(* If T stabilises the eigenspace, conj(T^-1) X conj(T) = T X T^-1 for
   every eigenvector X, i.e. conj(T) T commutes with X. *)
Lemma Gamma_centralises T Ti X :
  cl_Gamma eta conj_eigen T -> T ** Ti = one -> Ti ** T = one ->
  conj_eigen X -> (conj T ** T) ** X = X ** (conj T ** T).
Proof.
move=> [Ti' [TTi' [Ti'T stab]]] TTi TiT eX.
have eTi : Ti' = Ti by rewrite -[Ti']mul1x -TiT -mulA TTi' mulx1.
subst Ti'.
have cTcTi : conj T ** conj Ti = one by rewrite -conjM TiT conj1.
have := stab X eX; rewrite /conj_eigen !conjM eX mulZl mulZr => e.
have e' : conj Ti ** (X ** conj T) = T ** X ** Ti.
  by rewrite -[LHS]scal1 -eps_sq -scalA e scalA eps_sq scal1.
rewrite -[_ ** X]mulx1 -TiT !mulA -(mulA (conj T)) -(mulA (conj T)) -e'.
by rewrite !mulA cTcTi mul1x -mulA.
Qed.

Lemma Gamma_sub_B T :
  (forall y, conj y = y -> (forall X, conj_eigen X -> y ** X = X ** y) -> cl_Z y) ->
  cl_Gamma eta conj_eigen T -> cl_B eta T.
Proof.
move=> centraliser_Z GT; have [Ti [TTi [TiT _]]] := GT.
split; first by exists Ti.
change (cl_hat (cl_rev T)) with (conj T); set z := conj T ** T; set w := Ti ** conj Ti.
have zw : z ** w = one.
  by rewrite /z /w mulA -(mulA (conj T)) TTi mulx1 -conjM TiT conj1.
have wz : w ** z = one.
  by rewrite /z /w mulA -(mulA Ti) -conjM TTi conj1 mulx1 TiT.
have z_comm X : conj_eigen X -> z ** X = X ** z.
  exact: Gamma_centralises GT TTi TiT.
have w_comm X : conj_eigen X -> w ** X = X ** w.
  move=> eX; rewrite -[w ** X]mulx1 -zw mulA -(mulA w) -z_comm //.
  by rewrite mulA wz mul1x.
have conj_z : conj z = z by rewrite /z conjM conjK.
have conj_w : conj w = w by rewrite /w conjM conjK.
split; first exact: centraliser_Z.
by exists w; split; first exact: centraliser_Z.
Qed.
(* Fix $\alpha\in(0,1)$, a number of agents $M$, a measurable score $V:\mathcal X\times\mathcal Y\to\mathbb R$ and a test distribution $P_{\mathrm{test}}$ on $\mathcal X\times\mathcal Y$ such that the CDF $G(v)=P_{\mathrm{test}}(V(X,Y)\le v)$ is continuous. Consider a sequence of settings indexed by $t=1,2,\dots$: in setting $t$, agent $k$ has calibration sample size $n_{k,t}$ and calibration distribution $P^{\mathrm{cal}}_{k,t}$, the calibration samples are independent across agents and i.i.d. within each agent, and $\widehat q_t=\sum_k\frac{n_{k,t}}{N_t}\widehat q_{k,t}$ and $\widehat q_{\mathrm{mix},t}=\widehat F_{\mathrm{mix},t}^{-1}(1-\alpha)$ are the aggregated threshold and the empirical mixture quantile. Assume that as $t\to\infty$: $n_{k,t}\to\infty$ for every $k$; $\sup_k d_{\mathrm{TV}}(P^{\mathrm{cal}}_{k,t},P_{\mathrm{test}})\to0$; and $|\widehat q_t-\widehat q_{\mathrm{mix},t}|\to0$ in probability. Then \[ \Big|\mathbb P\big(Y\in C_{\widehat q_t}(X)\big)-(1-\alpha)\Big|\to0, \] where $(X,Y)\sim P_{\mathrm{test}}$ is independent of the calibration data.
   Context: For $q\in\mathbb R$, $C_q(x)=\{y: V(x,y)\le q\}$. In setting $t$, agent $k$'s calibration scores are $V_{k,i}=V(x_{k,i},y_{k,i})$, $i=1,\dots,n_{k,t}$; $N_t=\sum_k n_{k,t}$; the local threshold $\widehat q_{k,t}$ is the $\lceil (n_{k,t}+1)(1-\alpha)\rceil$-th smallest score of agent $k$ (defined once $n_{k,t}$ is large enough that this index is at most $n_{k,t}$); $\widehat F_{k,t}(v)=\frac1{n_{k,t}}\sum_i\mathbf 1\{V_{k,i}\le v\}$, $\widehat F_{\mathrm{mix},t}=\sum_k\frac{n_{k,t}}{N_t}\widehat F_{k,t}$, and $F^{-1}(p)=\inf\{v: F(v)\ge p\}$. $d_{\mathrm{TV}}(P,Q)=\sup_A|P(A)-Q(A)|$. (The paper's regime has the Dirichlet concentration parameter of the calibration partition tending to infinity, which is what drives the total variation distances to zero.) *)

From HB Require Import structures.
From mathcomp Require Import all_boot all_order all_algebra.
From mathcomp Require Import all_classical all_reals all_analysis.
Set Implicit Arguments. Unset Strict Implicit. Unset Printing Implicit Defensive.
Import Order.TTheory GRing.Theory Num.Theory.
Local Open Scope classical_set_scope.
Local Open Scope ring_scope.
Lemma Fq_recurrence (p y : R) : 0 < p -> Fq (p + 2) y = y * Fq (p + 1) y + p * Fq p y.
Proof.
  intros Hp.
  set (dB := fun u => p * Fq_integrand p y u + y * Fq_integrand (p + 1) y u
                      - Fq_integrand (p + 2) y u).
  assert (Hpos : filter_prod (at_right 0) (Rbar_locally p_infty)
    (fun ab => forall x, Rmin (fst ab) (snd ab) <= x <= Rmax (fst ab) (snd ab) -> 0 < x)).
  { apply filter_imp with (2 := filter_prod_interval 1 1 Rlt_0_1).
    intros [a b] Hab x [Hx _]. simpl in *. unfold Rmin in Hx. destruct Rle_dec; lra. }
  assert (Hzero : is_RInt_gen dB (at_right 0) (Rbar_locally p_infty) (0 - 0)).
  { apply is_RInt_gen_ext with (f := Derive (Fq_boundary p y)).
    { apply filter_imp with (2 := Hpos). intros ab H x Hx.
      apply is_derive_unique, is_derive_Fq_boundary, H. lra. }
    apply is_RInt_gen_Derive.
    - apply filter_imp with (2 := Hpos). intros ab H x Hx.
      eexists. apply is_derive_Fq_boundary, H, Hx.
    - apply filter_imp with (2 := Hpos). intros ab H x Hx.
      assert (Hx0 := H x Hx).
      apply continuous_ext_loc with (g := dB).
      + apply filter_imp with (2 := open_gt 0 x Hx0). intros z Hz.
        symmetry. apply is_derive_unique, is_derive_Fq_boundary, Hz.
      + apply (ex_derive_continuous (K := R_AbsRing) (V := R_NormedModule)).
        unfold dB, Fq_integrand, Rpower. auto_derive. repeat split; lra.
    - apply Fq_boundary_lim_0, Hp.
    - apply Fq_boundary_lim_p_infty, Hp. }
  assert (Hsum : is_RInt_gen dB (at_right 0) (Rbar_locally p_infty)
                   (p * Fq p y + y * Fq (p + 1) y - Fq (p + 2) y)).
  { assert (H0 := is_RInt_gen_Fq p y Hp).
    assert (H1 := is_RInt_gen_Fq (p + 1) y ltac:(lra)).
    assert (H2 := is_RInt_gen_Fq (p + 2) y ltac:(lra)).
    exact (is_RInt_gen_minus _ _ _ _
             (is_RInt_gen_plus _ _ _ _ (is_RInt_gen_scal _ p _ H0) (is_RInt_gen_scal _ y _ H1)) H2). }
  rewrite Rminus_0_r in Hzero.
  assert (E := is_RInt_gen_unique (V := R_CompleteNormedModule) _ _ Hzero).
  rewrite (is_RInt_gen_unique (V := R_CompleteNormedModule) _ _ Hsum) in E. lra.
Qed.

DIRECTIONS FOR THIS TASK:
Pull out all lines from the listing that contain the string "unfold".

TASK OUTPUT:
    intros [a b] Hab x [Hx _]. simpl in *. unfold Rmin in Hx. destruct Rle_dec; lra. }
        unfold dB, Fq_integrand, Rpower. auto_derive. repeat split; lra.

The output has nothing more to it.